What is expected: Everything below from the line with "have X4 : 4" to the last line, both included, is to be written out exactly, with nothing added.

Given data:
(* Let $X \sim \mathcal{N}(\mu,\sigma^2)$ be a single observation, with $\mu\in\mathbb{R}$ and $\sigma>0$ unknown, and for $c>1$ let $I_1(c) = (X - c|X|,\; X + c|X|)$. Then the coverage probability $P_{\mu,\sigma}(\mu \in I_1(c))$ depends on $(\mu,\sigma)$ only through $\lambda=\mu/\sigma$ and is an even function of $\lambda$. Writing $\lambda = |\mu|/\sigma \ge 0$, it equals $$P_1(\lambda,c) = \Phi\Big(\frac{c}{c+1}\lambda\Big) + 1 - \Phi\Big(\frac{c}{c-1}\lambda\Big).$$ Over $\lambda\ge 0$, $P_1(\lambda,c)$ is minimized at $$\lambda^*(c) = \frac{c^2-1}{\sqrt{2}\,c^{3/2}}\sqrt{\log\frac{c+1}{c-1}}.$$ Consequently, for every $\alpha$ with $0<\alpha<1/2$ there exists a constant $c=c(\alpha)>1$ such that $\inf_{\mu\in\mathbb{R},\sigma>0} P_{\mu,\sigma}(\mu\in I_1(c(\alpha))) \ge 1-\alpha$.
   Context: $\Phi$ denotes the standard normal cumulative distribution function. $I_1(c)$ is the (Abbott–Rosenblatt) interval centered at the single observation $X$ with half-length $c|X|$. *)

From HB Require Import structures.
From mathcomp Require Import all_boot all_order all_algebra.
From mathcomp Require Import all_classical all_reals all_analysis.
Set Implicit Arguments. Unset Strict Implicit. Unset Printing Implicit Defensive.
Import Order.TTheory GRing.Theory Num.Theory.
Local Open Scope classical_set_scope.
Local Open Scope ring_scope.

(* Standard normal CDF: Phi x = P(Z <= x), Z ~ N(0,1), via the library's
   normal probability measure (normal_prob m s has mean m, std. dev. s). *)
Definition Phi {R : realType} (x : R) : R :=
  fine (normal_prob 0 1 [set y : R | y <= x]).

Definition I1 {R : realType} (c X : R) : set R :=
  [set t : R | X - c * `|X| < t < X + c * `|X|].

Definition coverage {R : realType} (mu sigma c : R) : \bar R :=
  normal_prob mu sigma [set X : R | mu \in I1 c X].

Definition P1 {R : realType} (lambda c : R) : R :=
  Phi (c / (c + 1) * lambda) + 1 - Phi (c / (c - 1) * lambda).

Definition lambda_star {R : realType} (c : R) : R :=
  (c ^+ 2 - 1) / (Num.sqrt 2 * powR c (3 / 2)) * Num.sqrt (ln ((c + 1) / (c - 1))).

From HB Require Import structures.
From mathcomp Require Import all_boot all_order all_algebra.
From mathcomp Require Import all_classical all_reals all_analysis.
From mathcomp Require Import ring lra measurable_realfun.
Import Order.TTheory GRing.Theory Num.Theory.
Import numFieldNormedType.Exports.
Local Open Scope classical_set_scope.
Local Open Scope ring_scope.

(* Writing X = mu + sigma Z, the event {mu \in I_1(c)} is the union of two
   tails of Z, whose probabilities add up to P_1(|mu|/sigma, c) by the symmetry
   of Phi.  With a = c/(c+1) < b = c/(c-1), the derivative of lambda |-> P_1 is
   a phi(a lambda) - b phi(b lambda); comparing log-densities, it is <= 0
   exactly when (b^2 - a^2) lambda^2 <= 2 ln (b/a), i.e. when
   lambda <= lambda*(c), so lambda*(c) is the minimiser.  Finally the mean value
   theorem and t phi(t) <= 1/2 give Phi(b lambda) - Phi(a lambda)
   <= (b - a)/(2a) = 1/(c-1), so c(alpha) = 1 + 1/alpha works. *)

Lemma derive1_sign_change_min {R : realType} (f : R -> R) (x0 m l : R) :
  (forall x, derivable f x 1) -> x0 <= m -> x0 <= l ->
  (forall x, x0 < x < m -> f^`()%classic x <= 0) ->
  (forall x, m < x -> 0 <= f^`()%classic x) -> f m <= f l.
Proof.
move=> df x0m x0l f'_le0 f'_ge0.
have f_cont (i : interval R) : {within [set` i], continuous f}.
  exact: derivable_within_continuous (fun x _ => df x).
have [lm|ml] := lerP l m.
- apply: (ler0_derive1_le_cc (a := l) (b := m)) => //.
  + move=> x; rewrite in_itv /= => /andP[lx xm].
    by apply: f'_le0; rewrite xm (le_lt_trans x0l).
  + by rewrite in_itv /= lexx lm.
  + by rewrite in_itv /= lexx lm.
- apply: (ger0_derive1_le_cc (a := m) (b := l)) => //.
  + by move=> x; rewrite in_itv /= => /andP[mx _]; apply: f'_ge0.
  + by rewrite in_itv /= lexx ltW.
  + by rewrite in_itv /= lexx ltW.
  + exact: ltW.
Qed.

Section standard_normal.
Context {R : realType}.
Local Notation phi := (normal_pdf (0 : R) 1).

Lemma normal_pdf_affine (m s z : R) : 0 < s ->
  normal_pdf m s (s * z + m) * s = phi z.
Proof.
move=> s0; rewrite /normal_pdf gt_eqF// oner_eq0 /normal_peak /normal_fun.
rewrite addrK subr0 expr1n mul1r exprMn.
have -> : - (s ^+ 2 * z ^+ 2) / (s ^+ 2 *+ 2) = - z ^+ 2 / 2.
  by field; rewrite gt_eqF.
rewrite mulrAC; congr (_ * _).
rewrite -mulrnAr sqrtrM ?sqr_ge0// sqrtr_sqr gtr0_norm// invfM mulrAC.
by rewrite mulVf ?mul1r ?gt_eqF.
Qed.

Lemma normal_prob_Nyc_standard (m s x : R) : 0 < s ->
  normal_prob m s `]-oo, x] = normal_prob 0 1 `]-oo, (x - m) / s].
Proof.
move=> s0; pose F z := (z + m / s) * s.
have F'E : F^`()%classic = cst s.
  apply/funext => z; rewrite /F derive1E deriveM// deriveD// derive_cst.
  by rewrite derive_id scaler0 add0r derive_cst addr0; exact: mulr1.
have {1}-> : x = F ((x - m) / s) by rewrite /F -mulrDl subrK divfK// gt_eqF.
rewrite /normal_prob increasing_ge0_integration_by_substitutionNy.
- apply: eq_integral => z _; rewrite F'E.
  change (EFin (normal_pdf m s (F z) * s) = EFin (phi z)).
  rewrite /F mulrDl divfK ?gt_eqF//.
  by rewrite (mulrC z s) normal_pdf_affine.
- by move=> u v _ _ uv; rewrite /F ltr_pM2r// ltrD2r.
- by rewrite F'E => u _; exact: cvg_cst.
- by rewrite F'E; exact: is_cvg_cst.
- by rewrite F'E; exact: cvg_cst.
- split=> //; apply: cvg_at_left_filter; exact: differentiable_continuous.
- by apply: gt0_cvgMlNy => //; exact: cvg_addrr_Ny.
- by apply: continuous_subspaceT; apply: continuous_normal_pdf; rewrite gt_eqF.
- by move=> u _; apply: normal_pdf_ge0.
Qed.

Lemma normal_prob_Nyc_Phi (x : R) : normal_prob 0 1 `]-oo, x] = (Phi x)%:E.
Proof.
rewrite /Phi set_itvNyc fineK //; apply: fin_num_measure; rewrite -set_itvNyc.
exact: measurable_itv.
Qed.

Lemma normal_prob_Nyo (m s x : R) :
  normal_prob m s `]-oo, x[ = normal_prob m s `]-oo, x].
Proof.
rewrite /normal_prob integral_itv_bndo_bndc //.
apply/measurable_EFinP; apply: measurable_funTS; exact: measurable_normal_pdf.
Qed.

Lemma normal_prob_oy (m s x : R) :
  normal_prob m s `]x, +oo[ = (1 - normal_prob m s `]-oo, x])%E.
Proof. by rewrite -setCitvl probability_setC. Qed.

Lemma normal_pdf01N (x : R) : phi (- x) = phi x.
Proof. by rewrite /normal_pdf oner_eq0 /normal_fun !subr0 sqrrN. Qed.

Lemma PhiN (t : R) : Phi (- t) = 1 - Phi t.
Proof.
apply: EFin_inj; rewrite EFinB -!normal_prob_Nyc_Phi -(normal_prob_Nyo _ _ t).
rewrite -probability_setC ?setCitvl; last exact: measurable_itv.
rewrite /normal_prob ge0_integration_by_substitutionNy.
- by apply: eq_integral => z _ /=; rewrite normal_pdf01N.
- apply: continuous_subspaceT.
  by apply: continuous_normal_pdf; rewrite oner_eq0.
- by move=> u _; apply: normal_pdf_ge0.
Qed.

Lemma normal_prob_two_tails (m s p q : R) : 0 < s -> p <= q ->
  normal_prob m s (`]-oo, p[ `|` `]q, +oo[) =
  (Phi ((p - m) / s) + (1 - Phi ((q - m) / s)))%:E.
Proof.
move=> s0 pq; rewrite measureU; first last.
- apply/seteqP; split => x //=; rewrite !in_itv /= andbT => -[xp qx].
  by have := lt_le_trans xp pq; rewrite ltNge (ltW qx).
- exact: measurable_itv.
- exact: measurable_itv.
change (normal_prob m s `]-oo, p[ + normal_prob m s `]q, +oo[ =
  (Phi ((p - m) / s) + (1 - Phi ((q - m) / s)))%:E)%E.
rewrite normal_prob_Nyo normal_prob_oy (normal_prob_Nyc_standard _ _ p s0).
rewrite (normal_prob_Nyc_standard _ _ q s0).
by rewrite !normal_prob_Nyc_Phi EFinD EFinB.
Qed.

Lemma is_derive_Phi (x : R) : is_derive x 1 (@Phi R) (phi x).
Proof.
have PhiE : @Phi R = fun y =>
    (\int[lebesgue_measure]_(t in [set` Interval -oo%O (BRight y)]) phi t)%R.
  by apply/funext => y; rewrite /Phi set_itvNyc.
have int_phi : lebesgue_measure.-integrable
    [set` Interval -oo%O (BRight (x + 1))] (EFin \o phi).
  apply: (integrableS measurableT _ (subsetT _)); first exact: measurable_itv.
  exact: integrable_normal_pdf.
have phi_cont : {for x, continuous phi}.
  by apply: continuous_normal_pdf; rewrite oner_eq0.
have x1 : x < x + 1 by rewrite ltrDl.
have [dPhi] := continuous_FTC1 x1 int_phi (ltNyr _) phi_cont.
by rewrite derive1E => <-; rewrite PhiE; exact: derivableP.
Qed.

Lemma normal_pdf01E (y : R) : phi y = normal_peak 1 * expR (- y ^+ 2 / 2).
Proof. by rewrite /normal_pdf oner_eq0 /normal_fun subr0 expr1n. Qed.

Lemma normal_peak1_gt0 : 0 < normal_peak (1 : R).
Proof. by apply: normal_peak_gt0; rewrite oner_eq0. Qed.

Lemma normal_peak1_le : normal_peak (1 : R) <= 2^-1.
Proof.
rewrite /normal_peak expr1n mul1r; set X := pi *+ 2.
have X4 : 4 <= X by rewrite /X -mulr_natr; have := @pi_ge2 R; lra.
have sX : Num.sqrt X ^+ 2 = X by rewrite sqr_sqrtr // (le_trans _ X4).
have s2 : 2 <= Num.sqrt X by have := sqrtr_ge0 X; nra.
by rewrite lef_pV2 ?posrE // (lt_le_trans _ s2).
Qed.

Response to this task:
have X4 : 4 <= X by rewrite /X -mulr_natr; have := @pi_ge2 R; lra.
have sX : Num.sqrt X ^+ 2 = X by rewrite sqr_sqrtr // (le_trans _ X4).
have s2 : 2 <= Num.sqrt X by have := sqrtr_ge0 X; nra.
by rewrite lef_pV2 ?posrE // (lt_le_trans _ s2).
Qed.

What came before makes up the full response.